EXTRACTED MATERIAL: Begin

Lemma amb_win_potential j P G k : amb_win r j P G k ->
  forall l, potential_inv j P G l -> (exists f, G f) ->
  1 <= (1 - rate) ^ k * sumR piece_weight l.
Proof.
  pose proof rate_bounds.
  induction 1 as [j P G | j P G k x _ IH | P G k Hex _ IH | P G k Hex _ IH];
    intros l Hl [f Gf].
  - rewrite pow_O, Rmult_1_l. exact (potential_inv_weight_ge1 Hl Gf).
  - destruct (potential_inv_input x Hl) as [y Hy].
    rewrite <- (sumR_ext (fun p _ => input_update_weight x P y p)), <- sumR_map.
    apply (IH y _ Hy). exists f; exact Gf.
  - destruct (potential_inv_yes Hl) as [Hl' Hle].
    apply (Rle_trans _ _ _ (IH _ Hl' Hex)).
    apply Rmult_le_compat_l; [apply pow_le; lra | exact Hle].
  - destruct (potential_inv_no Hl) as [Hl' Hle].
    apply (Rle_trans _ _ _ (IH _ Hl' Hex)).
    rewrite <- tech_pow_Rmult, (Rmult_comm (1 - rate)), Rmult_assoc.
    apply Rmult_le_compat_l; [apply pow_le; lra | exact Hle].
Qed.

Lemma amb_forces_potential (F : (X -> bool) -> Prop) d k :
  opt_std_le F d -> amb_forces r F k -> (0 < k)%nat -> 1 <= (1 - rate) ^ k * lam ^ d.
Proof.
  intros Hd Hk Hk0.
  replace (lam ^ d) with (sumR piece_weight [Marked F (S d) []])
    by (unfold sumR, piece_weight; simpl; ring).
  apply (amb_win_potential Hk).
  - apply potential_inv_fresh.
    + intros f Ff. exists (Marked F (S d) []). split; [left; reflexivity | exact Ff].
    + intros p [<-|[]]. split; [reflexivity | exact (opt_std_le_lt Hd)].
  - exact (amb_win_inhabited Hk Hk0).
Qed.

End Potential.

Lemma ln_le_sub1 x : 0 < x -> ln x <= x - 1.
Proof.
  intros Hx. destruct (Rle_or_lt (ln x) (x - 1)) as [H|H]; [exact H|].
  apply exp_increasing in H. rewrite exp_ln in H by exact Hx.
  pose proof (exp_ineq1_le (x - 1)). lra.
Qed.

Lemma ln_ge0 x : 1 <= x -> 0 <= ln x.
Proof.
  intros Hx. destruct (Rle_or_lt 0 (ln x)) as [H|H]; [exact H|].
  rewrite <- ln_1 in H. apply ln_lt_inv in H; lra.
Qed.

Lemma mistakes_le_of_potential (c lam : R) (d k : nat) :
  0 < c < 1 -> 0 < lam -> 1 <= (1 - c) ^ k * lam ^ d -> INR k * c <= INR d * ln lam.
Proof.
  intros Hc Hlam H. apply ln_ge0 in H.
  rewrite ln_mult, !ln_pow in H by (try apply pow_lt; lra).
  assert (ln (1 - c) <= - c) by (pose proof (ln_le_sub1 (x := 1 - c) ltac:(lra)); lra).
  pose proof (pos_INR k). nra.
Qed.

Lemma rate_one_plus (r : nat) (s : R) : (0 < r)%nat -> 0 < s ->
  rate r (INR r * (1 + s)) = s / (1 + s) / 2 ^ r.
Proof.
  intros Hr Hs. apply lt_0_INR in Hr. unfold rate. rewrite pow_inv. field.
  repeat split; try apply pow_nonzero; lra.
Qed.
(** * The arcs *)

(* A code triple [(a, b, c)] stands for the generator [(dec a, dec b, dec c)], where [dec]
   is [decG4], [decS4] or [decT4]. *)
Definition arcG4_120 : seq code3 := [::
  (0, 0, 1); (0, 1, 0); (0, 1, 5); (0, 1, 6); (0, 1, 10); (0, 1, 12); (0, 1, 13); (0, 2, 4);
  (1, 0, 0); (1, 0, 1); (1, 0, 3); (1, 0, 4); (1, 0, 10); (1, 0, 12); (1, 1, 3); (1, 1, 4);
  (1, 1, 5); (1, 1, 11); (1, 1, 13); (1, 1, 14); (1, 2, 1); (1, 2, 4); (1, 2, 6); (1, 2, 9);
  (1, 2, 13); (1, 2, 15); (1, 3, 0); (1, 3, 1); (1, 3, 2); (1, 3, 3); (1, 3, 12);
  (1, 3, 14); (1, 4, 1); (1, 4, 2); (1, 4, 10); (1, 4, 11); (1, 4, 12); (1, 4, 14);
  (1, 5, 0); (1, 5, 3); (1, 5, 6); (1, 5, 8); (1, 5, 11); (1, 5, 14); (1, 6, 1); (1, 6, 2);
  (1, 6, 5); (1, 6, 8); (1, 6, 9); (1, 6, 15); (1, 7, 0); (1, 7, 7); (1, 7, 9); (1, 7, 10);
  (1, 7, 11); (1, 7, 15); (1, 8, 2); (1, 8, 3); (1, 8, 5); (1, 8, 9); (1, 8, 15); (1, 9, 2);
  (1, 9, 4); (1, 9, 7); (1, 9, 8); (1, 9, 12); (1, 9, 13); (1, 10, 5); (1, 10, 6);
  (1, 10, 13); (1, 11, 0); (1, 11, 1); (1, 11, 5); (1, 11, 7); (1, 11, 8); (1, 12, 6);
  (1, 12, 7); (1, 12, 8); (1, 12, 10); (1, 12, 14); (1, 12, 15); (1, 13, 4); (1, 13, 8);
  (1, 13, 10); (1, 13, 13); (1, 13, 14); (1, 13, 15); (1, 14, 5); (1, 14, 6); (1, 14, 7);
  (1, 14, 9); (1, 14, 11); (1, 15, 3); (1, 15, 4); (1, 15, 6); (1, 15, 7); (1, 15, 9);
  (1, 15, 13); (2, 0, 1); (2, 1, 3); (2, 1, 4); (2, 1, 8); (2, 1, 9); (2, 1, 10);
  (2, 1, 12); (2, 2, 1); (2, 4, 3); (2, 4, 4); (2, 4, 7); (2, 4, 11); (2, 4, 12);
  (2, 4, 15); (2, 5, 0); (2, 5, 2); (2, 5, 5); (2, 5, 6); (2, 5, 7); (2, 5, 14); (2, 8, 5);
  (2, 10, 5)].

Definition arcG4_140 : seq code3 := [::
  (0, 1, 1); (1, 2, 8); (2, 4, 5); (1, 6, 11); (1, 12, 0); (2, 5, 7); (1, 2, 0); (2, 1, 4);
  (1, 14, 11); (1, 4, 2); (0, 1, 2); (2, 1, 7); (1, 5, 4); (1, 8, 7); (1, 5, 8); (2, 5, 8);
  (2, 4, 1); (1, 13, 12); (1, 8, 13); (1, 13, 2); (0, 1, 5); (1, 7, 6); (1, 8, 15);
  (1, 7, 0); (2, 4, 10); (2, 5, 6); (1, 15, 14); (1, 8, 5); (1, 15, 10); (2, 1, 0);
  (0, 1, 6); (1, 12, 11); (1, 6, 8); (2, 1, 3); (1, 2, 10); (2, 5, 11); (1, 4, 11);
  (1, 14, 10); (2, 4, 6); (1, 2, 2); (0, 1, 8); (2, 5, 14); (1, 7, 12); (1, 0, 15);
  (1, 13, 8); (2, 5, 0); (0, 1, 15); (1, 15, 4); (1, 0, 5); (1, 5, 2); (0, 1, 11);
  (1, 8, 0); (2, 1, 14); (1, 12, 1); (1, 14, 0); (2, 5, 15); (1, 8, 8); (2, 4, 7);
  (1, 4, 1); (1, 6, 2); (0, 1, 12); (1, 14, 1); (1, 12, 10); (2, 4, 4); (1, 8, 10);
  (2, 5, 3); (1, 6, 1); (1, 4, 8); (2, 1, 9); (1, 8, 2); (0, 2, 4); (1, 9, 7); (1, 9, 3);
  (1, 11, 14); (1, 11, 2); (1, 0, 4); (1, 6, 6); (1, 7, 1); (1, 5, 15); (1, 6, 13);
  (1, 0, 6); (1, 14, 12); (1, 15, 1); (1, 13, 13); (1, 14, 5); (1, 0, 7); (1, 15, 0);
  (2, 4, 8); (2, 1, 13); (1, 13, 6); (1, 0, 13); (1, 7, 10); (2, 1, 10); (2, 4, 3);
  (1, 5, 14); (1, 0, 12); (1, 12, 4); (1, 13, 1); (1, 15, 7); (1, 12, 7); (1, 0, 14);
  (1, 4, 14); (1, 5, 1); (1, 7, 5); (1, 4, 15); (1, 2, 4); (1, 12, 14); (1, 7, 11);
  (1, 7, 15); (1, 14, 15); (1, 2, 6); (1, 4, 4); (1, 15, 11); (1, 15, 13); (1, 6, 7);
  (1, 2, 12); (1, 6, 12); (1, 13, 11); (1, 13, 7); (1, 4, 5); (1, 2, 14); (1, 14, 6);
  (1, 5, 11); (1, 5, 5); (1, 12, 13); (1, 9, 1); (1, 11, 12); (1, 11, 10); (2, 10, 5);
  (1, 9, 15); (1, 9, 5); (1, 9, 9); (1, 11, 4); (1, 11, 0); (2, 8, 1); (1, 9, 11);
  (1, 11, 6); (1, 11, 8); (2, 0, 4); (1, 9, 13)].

EXTRACTED MATERIAL: End

- _EXERCISE DESCRIPTION_:
Out of the entries above, write out only the lines between the line holding "(2, 1, 12); (2, 2, 1);" and the line holding "(1, 4, 1); (1, 6, 2);", inclusive, each exactly as given.

- _RESPONSE BOX_:
  (2, 1, 12); (2, 2, 1); (2, 4, 3); (2, 4, 4); (2, 4, 7); (2, 4, 11); (2, 4, 12);
  (2, 4, 15); (2, 5, 0); (2, 5, 2); (2, 5, 5); (2, 5, 6); (2, 5, 7); (2, 5, 14); (2, 8, 5);
  (2, 10, 5)].

Definition arcG4_140 : seq code3 := [::
  (0, 1, 1); (1, 2, 8); (2, 4, 5); (1, 6, 11); (1, 12, 0); (2, 5, 7); (1, 2, 0); (2, 1, 4);
  (1, 14, 11); (1, 4, 2); (0, 1, 2); (2, 1, 7); (1, 5, 4); (1, 8, 7); (1, 5, 8); (2, 5, 8);
  (2, 4, 1); (1, 13, 12); (1, 8, 13); (1, 13, 2); (0, 1, 5); (1, 7, 6); (1, 8, 15);
  (1, 7, 0); (2, 4, 10); (2, 5, 6); (1, 15, 14); (1, 8, 5); (1, 15, 10); (2, 1, 0);
  (0, 1, 6); (1, 12, 11); (1, 6, 8); (2, 1, 3); (1, 2, 10); (2, 5, 11); (1, 4, 11);
  (1, 14, 10); (2, 4, 6); (1, 2, 2); (0, 1, 8); (2, 5, 14); (1, 7, 12); (1, 0, 15);
  (1, 13, 8); (2, 5, 0); (0, 1, 15); (1, 15, 4); (1, 0, 5); (1, 5, 2); (0, 1, 11);
  (1, 8, 0); (2, 1, 14); (1, 12, 1); (1, 14, 0); (2, 5, 15); (1, 8, 8); (2, 4, 7);
  (1, 4, 1); (1, 6, 2); (0, 1, 12); (1, 14, 1); (1, 12, 10); (2, 4, 4); (1, 8, 10);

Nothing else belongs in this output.